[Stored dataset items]
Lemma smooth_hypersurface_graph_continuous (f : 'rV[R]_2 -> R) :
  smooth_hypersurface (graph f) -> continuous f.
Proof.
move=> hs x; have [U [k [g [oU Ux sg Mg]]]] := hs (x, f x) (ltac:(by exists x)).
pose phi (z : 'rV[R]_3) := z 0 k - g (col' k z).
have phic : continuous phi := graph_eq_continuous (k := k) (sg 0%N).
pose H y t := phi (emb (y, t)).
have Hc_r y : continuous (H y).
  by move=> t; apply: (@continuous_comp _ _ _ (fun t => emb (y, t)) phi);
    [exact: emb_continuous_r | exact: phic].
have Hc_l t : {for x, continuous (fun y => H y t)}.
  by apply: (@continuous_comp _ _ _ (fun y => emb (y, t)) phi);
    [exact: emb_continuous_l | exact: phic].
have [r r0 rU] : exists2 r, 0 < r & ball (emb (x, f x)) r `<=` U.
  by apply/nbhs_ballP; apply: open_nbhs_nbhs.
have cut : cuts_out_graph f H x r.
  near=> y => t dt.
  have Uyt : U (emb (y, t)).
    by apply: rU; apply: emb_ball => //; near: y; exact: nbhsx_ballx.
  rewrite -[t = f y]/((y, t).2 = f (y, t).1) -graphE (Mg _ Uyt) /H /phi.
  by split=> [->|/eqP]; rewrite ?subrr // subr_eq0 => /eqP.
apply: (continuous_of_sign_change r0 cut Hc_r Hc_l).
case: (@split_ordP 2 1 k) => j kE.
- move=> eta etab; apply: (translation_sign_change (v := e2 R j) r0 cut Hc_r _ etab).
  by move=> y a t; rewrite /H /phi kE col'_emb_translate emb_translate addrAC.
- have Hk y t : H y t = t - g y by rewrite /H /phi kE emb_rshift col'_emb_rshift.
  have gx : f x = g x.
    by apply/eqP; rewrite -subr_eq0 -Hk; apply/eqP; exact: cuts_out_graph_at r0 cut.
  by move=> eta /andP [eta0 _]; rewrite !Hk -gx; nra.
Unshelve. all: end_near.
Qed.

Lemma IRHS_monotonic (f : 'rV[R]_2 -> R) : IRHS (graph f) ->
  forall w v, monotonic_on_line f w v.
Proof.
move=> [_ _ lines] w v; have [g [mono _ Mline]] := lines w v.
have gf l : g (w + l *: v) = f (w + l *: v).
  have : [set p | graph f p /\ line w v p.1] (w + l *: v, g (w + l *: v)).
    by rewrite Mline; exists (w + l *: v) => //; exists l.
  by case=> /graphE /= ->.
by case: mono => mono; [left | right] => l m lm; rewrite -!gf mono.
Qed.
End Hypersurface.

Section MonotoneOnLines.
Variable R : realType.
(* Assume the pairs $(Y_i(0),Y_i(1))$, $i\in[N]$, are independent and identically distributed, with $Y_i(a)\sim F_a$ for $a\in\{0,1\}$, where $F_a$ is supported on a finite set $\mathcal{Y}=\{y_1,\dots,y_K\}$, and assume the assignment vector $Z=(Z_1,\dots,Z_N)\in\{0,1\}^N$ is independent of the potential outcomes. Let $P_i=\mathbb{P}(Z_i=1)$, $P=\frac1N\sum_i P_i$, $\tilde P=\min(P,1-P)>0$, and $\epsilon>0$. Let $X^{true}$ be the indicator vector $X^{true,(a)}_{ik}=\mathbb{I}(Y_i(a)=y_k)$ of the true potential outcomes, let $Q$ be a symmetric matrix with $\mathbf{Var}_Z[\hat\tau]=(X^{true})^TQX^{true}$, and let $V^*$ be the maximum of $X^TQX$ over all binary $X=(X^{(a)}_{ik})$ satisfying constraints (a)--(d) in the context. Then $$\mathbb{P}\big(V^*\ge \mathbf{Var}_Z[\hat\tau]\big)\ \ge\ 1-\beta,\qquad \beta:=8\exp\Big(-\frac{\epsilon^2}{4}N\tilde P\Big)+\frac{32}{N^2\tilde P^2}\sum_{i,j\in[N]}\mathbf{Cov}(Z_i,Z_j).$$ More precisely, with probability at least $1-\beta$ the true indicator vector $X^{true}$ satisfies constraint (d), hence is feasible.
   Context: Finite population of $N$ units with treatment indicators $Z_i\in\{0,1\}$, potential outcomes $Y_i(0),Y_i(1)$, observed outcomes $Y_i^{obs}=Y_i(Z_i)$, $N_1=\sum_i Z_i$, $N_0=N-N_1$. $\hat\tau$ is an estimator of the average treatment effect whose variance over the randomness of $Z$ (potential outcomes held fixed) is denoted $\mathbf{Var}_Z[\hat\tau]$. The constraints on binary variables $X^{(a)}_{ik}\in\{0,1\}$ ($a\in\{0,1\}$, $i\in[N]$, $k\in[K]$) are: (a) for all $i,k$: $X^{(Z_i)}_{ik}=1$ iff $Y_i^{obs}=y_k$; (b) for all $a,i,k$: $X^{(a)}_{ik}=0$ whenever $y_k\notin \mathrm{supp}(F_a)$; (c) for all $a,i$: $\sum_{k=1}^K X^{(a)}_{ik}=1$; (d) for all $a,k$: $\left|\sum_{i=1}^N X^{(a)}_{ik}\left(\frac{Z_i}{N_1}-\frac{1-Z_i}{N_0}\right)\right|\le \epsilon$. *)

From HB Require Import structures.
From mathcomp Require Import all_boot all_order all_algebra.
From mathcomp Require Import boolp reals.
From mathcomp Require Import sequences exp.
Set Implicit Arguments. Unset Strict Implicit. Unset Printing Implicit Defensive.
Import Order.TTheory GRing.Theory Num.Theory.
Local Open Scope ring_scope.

EXERCISE DIRECTIONS:
Using the exact wording, write out all of the records.

TASK OUTPUT:
Lemma smooth_hypersurface_graph_continuous (f : 'rV[R]_2 -> R) :
  smooth_hypersurface (graph f) -> continuous f.
Proof.
move=> hs x; have [U [k [g [oU Ux sg Mg]]]] := hs (x, f x) (ltac:(by exists x)).
pose phi (z : 'rV[R]_3) := z 0 k - g (col' k z).
have phic : continuous phi := graph_eq_continuous (k := k) (sg 0%N).
pose H y t := phi (emb (y, t)).
have Hc_r y : continuous (H y).
  by move=> t; apply: (@continuous_comp _ _ _ (fun t => emb (y, t)) phi);
    [exact: emb_continuous_r | exact: phic].
have Hc_l t : {for x, continuous (fun y => H y t)}.
  by apply: (@continuous_comp _ _ _ (fun y => emb (y, t)) phi);
    [exact: emb_continuous_l | exact: phic].
have [r r0 rU] : exists2 r, 0 < r & ball (emb (x, f x)) r `<=` U.
  by apply/nbhs_ballP; apply: open_nbhs_nbhs.
have cut : cuts_out_graph f H x r.
  near=> y => t dt.
  have Uyt : U (emb (y, t)).
    by apply: rU; apply: emb_ball => //; near: y; exact: nbhsx_ballx.
  rewrite -[t = f y]/((y, t).2 = f (y, t).1) -graphE (Mg _ Uyt) /H /phi.
  by split=> [->|/eqP]; rewrite ?subrr // subr_eq0 => /eqP.
apply: (continuous_of_sign_change r0 cut Hc_r Hc_l).
case: (@split_ordP 2 1 k) => j kE.
- move=> eta etab; apply: (translation_sign_change (v := e2 R j) r0 cut Hc_r _ etab).
  by move=> y a t; rewrite /H /phi kE col'_emb_translate emb_translate addrAC.
- have Hk y t : H y t = t - g y by rewrite /H /phi kE emb_rshift col'_emb_rshift.
  have gx : f x = g x.
    by apply/eqP; rewrite -subr_eq0 -Hk; apply/eqP; exact: cuts_out_graph_at r0 cut.
  by move=> eta /andP [eta0 _]; rewrite !Hk -gx; nra.
Unshelve. all: end_near.
Qed.

Lemma IRHS_monotonic (f : 'rV[R]_2 -> R) : IRHS (graph f) ->
  forall w v, monotonic_on_line f w v.
Proof.
move=> [_ _ lines] w v; have [g [mono _ Mline]] := lines w v.
have gf l : g (w + l *: v) = f (w + l *: v).
  have : [set p | graph f p /\ line w v p.1] (w + l *: v, g (w + l *: v)).
    by rewrite Mline; exists (w + l *: v) => //; exists l.
  by case=> /graphE /= ->.
by case: mono => mono; [left | right] => l m lm; rewrite -!gf mono.
Qed.
End Hypersurface.

Section MonotoneOnLines.
Variable R : realType.
(* Assume the pairs $(Y_i(0),Y_i(1))$, $i\in[N]$, are independent and identically distributed, with $Y_i(a)\sim F_a$ for $a\in\{0,1\}$, where $F_a$ is supported on a finite set $\mathcal{Y}=\{y_1,\dots,y_K\}$, and assume the assignment vector $Z=(Z_1,\dots,Z_N)\in\{0,1\}^N$ is independent of the potential outcomes. Let $P_i=\mathbb{P}(Z_i=1)$, $P=\frac1N\sum_i P_i$, $\tilde P=\min(P,1-P)>0$, and $\epsilon>0$. Let $X^{true}$ be the indicator vector $X^{true,(a)}_{ik}=\mathbb{I}(Y_i(a)=y_k)$ of the true potential outcomes, let $Q$ be a symmetric matrix with $\mathbf{Var}_Z[\hat\tau]=(X^{true})^TQX^{true}$, and let $V^*$ be the maximum of $X^TQX$ over all binary $X=(X^{(a)}_{ik})$ satisfying constraints (a)--(d) in the context. Then $$\mathbb{P}\big(V^*\ge \mathbf{Var}_Z[\hat\tau]\big)\ \ge\ 1-\beta,\qquad \beta:=8\exp\Big(-\frac{\epsilon^2}{4}N\tilde P\Big)+\frac{32}{N^2\tilde P^2}\sum_{i,j\in[N]}\mathbf{Cov}(Z_i,Z_j).$$ More precisely, with probability at least $1-\beta$ the true indicator vector $X^{true}$ satisfies constraint (d), hence is feasible.
   Context: Finite population of $N$ units with treatment indicators $Z_i\in\{0,1\}$, potential outcomes $Y_i(0),Y_i(1)$, observed outcomes $Y_i^{obs}=Y_i(Z_i)$, $N_1=\sum_i Z_i$, $N_0=N-N_1$. $\hat\tau$ is an estimator of the average treatment effect whose variance over the randomness of $Z$ (potential outcomes held fixed) is denoted $\mathbf{Var}_Z[\hat\tau]$. The constraints on binary variables $X^{(a)}_{ik}\in\{0,1\}$ ($a\in\{0,1\}$, $i\in[N]$, $k\in[K]$) are: (a) for all $i,k$: $X^{(Z_i)}_{ik}=1$ iff $Y_i^{obs}=y_k$; (b) for all $a,i,k$: $X^{(a)}_{ik}=0$ whenever $y_k\notin \mathrm{supp}(F_a)$; (c) for all $a,i$: $\sum_{k=1}^K X^{(a)}_{ik}=1$; (d) for all $a,k$: $\left|\sum_{i=1}^N X^{(a)}_{ik}\left(\frac{Z_i}{N_1}-\frac{1-Z_i}{N_0}\right)\right|\le \epsilon$. *)

From HB Require Import structures.
From mathcomp Require Import all_boot all_order all_algebra.
From mathcomp Require Import boolp reals.
From mathcomp Require Import sequences exp.
Set Implicit Arguments. Unset Strict Implicit. Unset Printing Implicit Defensive.
Import Order.TTheory GRing.Theory Num.Theory.
Local Open Scope ring_scope.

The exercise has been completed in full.